Data supplied START

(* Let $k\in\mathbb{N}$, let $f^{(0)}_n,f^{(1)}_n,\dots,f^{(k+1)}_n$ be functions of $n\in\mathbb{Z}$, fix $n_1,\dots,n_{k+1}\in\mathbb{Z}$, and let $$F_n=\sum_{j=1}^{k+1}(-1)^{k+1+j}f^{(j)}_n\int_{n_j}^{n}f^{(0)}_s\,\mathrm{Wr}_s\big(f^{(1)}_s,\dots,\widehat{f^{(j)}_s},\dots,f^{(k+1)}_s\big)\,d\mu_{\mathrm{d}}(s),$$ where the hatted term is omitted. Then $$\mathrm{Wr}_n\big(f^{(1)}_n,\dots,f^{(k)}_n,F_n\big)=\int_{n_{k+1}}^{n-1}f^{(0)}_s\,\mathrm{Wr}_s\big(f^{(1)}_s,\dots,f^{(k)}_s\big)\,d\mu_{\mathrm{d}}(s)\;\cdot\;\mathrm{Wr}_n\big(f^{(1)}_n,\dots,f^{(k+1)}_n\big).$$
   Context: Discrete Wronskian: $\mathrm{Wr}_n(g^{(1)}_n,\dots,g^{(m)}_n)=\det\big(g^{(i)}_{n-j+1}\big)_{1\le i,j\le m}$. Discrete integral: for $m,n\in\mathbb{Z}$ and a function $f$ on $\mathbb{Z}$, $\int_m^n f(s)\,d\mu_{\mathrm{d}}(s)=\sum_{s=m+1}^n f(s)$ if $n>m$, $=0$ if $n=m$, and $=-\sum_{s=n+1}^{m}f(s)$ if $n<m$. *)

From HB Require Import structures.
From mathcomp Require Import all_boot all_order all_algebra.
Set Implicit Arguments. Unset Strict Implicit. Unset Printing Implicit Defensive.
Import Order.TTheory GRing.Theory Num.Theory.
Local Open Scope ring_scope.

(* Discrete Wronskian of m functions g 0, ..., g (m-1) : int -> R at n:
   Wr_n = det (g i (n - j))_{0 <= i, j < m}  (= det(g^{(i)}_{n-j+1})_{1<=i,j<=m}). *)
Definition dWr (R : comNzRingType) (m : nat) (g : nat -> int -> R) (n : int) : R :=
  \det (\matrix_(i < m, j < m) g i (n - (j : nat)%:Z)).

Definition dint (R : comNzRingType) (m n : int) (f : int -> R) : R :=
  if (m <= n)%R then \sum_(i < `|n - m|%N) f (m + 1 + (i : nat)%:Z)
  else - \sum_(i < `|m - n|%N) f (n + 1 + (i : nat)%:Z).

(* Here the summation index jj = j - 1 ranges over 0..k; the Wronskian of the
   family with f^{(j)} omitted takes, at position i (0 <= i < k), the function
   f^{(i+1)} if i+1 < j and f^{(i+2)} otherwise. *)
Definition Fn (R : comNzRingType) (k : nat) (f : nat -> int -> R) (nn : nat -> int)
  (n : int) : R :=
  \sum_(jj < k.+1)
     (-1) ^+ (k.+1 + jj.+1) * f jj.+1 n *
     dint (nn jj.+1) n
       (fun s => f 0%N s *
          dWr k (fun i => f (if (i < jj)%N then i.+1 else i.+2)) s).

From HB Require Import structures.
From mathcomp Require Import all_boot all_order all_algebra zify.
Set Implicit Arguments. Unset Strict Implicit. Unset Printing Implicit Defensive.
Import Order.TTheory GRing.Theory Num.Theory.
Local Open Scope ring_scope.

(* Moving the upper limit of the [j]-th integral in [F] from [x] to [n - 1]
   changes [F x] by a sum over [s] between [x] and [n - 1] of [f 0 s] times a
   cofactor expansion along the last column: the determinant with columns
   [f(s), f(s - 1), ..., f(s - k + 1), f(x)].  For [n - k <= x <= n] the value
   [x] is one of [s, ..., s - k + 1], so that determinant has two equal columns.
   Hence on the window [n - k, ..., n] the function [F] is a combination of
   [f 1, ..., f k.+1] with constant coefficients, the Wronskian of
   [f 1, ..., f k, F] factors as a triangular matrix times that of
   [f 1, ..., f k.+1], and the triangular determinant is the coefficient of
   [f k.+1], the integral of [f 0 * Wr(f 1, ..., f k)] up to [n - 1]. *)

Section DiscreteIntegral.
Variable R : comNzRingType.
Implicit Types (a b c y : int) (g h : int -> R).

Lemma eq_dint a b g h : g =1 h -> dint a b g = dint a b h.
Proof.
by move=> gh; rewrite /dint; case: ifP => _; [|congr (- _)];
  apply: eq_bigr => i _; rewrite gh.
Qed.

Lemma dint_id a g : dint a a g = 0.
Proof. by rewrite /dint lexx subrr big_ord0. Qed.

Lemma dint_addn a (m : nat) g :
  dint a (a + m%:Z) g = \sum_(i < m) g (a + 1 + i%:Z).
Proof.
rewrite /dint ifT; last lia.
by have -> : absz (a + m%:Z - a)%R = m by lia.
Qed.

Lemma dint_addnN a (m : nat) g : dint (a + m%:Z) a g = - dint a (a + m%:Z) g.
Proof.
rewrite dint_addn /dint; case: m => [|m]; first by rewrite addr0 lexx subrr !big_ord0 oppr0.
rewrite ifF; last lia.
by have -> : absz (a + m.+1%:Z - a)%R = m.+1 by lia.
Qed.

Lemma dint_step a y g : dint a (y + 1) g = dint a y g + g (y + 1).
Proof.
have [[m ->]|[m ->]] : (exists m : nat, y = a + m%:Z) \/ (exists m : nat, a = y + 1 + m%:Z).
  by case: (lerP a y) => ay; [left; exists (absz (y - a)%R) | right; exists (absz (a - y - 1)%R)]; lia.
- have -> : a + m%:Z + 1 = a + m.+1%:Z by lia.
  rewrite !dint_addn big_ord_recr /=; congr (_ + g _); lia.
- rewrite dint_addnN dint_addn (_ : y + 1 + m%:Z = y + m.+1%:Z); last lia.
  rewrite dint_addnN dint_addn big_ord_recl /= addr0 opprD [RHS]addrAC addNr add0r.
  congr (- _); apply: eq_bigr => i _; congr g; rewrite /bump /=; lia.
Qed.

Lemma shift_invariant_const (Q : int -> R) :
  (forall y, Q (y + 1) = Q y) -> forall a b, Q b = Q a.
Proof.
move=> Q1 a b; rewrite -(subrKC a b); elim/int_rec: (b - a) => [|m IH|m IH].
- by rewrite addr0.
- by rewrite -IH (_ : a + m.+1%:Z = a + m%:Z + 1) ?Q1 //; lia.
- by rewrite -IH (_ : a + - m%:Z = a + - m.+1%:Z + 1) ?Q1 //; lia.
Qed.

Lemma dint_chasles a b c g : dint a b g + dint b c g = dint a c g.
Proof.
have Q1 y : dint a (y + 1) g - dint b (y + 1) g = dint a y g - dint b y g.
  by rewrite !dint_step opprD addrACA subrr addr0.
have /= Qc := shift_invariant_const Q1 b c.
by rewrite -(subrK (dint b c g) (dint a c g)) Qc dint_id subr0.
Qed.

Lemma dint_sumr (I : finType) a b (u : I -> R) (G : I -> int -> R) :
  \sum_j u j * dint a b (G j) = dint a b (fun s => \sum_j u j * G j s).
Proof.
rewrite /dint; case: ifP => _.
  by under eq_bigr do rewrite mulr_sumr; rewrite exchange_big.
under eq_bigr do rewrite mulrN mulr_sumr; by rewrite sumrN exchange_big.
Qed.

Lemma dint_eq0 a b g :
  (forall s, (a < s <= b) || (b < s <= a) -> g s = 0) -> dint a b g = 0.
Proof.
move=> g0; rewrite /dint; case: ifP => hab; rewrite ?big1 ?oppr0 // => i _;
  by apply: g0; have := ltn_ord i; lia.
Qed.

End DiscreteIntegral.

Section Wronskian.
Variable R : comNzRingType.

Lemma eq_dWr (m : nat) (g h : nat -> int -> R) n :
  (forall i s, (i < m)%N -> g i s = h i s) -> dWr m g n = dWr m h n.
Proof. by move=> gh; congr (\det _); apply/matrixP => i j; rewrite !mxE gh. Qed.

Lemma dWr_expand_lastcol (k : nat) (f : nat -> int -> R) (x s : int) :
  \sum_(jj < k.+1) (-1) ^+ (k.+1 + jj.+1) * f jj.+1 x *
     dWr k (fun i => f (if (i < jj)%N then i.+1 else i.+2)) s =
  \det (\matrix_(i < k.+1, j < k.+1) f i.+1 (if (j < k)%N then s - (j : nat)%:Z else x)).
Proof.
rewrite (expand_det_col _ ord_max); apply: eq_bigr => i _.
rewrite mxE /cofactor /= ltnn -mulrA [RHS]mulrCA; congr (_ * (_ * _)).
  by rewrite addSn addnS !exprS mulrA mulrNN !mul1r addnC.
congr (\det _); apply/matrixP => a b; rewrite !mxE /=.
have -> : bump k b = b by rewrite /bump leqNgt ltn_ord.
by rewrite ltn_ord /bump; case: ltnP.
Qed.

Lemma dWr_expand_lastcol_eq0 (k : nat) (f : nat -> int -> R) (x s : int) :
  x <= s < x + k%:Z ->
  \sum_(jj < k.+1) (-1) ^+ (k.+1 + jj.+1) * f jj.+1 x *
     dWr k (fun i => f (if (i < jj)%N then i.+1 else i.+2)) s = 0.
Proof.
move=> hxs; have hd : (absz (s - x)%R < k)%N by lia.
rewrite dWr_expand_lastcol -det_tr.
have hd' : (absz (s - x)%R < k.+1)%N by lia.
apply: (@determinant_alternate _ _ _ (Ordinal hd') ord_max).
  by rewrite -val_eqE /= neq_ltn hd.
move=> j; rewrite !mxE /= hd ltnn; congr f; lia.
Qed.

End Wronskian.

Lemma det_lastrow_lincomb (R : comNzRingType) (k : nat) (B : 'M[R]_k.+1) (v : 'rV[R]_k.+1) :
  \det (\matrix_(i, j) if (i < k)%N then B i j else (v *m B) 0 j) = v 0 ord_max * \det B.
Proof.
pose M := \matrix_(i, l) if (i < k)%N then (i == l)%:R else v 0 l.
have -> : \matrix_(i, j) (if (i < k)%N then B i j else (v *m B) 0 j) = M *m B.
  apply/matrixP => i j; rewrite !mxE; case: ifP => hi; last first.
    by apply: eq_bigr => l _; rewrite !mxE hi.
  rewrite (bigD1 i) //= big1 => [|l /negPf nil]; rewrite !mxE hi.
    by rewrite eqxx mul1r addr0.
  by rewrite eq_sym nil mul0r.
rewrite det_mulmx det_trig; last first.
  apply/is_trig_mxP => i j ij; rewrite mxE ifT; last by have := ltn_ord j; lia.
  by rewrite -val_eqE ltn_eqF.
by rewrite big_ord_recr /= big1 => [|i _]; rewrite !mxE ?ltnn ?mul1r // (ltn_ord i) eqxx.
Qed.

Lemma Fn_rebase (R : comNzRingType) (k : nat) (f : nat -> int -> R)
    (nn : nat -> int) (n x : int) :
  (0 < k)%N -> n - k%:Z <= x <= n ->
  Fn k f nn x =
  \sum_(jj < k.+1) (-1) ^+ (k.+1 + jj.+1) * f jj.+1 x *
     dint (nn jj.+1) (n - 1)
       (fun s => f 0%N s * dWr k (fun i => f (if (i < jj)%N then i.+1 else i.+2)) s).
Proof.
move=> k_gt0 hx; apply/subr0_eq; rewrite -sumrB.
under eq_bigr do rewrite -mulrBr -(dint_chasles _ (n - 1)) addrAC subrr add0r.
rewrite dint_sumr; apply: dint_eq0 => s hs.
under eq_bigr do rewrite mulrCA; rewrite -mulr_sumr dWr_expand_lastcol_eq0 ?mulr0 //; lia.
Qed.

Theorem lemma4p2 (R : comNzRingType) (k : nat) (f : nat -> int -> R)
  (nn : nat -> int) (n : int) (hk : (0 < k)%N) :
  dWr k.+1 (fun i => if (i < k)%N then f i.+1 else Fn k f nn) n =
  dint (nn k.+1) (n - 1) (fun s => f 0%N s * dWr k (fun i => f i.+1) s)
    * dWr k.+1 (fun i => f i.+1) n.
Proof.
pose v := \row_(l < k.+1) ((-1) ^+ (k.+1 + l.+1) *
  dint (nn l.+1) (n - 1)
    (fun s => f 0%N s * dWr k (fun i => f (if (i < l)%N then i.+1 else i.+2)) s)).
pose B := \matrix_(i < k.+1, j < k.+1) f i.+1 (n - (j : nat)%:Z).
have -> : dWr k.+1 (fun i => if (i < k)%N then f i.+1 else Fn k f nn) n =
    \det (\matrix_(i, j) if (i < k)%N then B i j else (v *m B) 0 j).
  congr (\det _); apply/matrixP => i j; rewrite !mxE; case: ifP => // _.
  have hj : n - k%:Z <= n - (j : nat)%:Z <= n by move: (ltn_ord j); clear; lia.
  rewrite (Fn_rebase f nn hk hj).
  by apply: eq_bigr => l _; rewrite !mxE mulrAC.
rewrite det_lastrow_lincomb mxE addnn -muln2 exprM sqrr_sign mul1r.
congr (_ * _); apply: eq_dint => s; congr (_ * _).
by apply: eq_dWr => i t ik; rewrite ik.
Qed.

Data supplied END

• **Exercise prompt**
Take the lines above from the first through the one containing "Wr_n = det (g" and reproduce them exactly; include nothing else.

• **Output of the task**
(* Let $k\in\mathbb{N}$, let $f^{(0)}_n,f^{(1)}_n,\dots,f^{(k+1)}_n$ be functions of $n\in\mathbb{Z}$, fix $n_1,\dots,n_{k+1}\in\mathbb{Z}$, and let $$F_n=\sum_{j=1}^{k+1}(-1)^{k+1+j}f^{(j)}_n\int_{n_j}^{n}f^{(0)}_s\,\mathrm{Wr}_s\big(f^{(1)}_s,\dots,\widehat{f^{(j)}_s},\dots,f^{(k+1)}_s\big)\,d\mu_{\mathrm{d}}(s),$$ where the hatted term is omitted. Then $$\mathrm{Wr}_n\big(f^{(1)}_n,\dots,f^{(k)}_n,F_n\big)=\int_{n_{k+1}}^{n-1}f^{(0)}_s\,\mathrm{Wr}_s\big(f^{(1)}_s,\dots,f^{(k)}_s\big)\,d\mu_{\mathrm{d}}(s)\;\cdot\;\mathrm{Wr}_n\big(f^{(1)}_n,\dots,f^{(k+1)}_n\big).$$
   Context: Discrete Wronskian: $\mathrm{Wr}_n(g^{(1)}_n,\dots,g^{(m)}_n)=\det\big(g^{(i)}_{n-j+1}\big)_{1\le i,j\le m}$. Discrete integral: for $m,n\in\mathbb{Z}$ and a function $f$ on $\mathbb{Z}$, $\int_m^n f(s)\,d\mu_{\mathrm{d}}(s)=\sum_{s=m+1}^n f(s)$ if $n>m$, $=0$ if $n=m$, and $=-\sum_{s=n+1}^{m}f(s)$ if $n<m$. *)

From HB Require Import structures.
From mathcomp Require Import all_boot all_order all_algebra.
Set Implicit Arguments. Unset Strict Implicit. Unset Printing Implicit Defensive.
Import Order.TTheory GRing.Theory Num.Theory.
Local Open Scope ring_scope.

(* Discrete Wronskian of m functions g 0, ..., g (m-1) : int -> R at n:
   Wr_n = det (g i (n - j))_{0 <= i, j < m}  (= det(g^{(i)}_{n-j+1})_{1<=i,j<=m}). *)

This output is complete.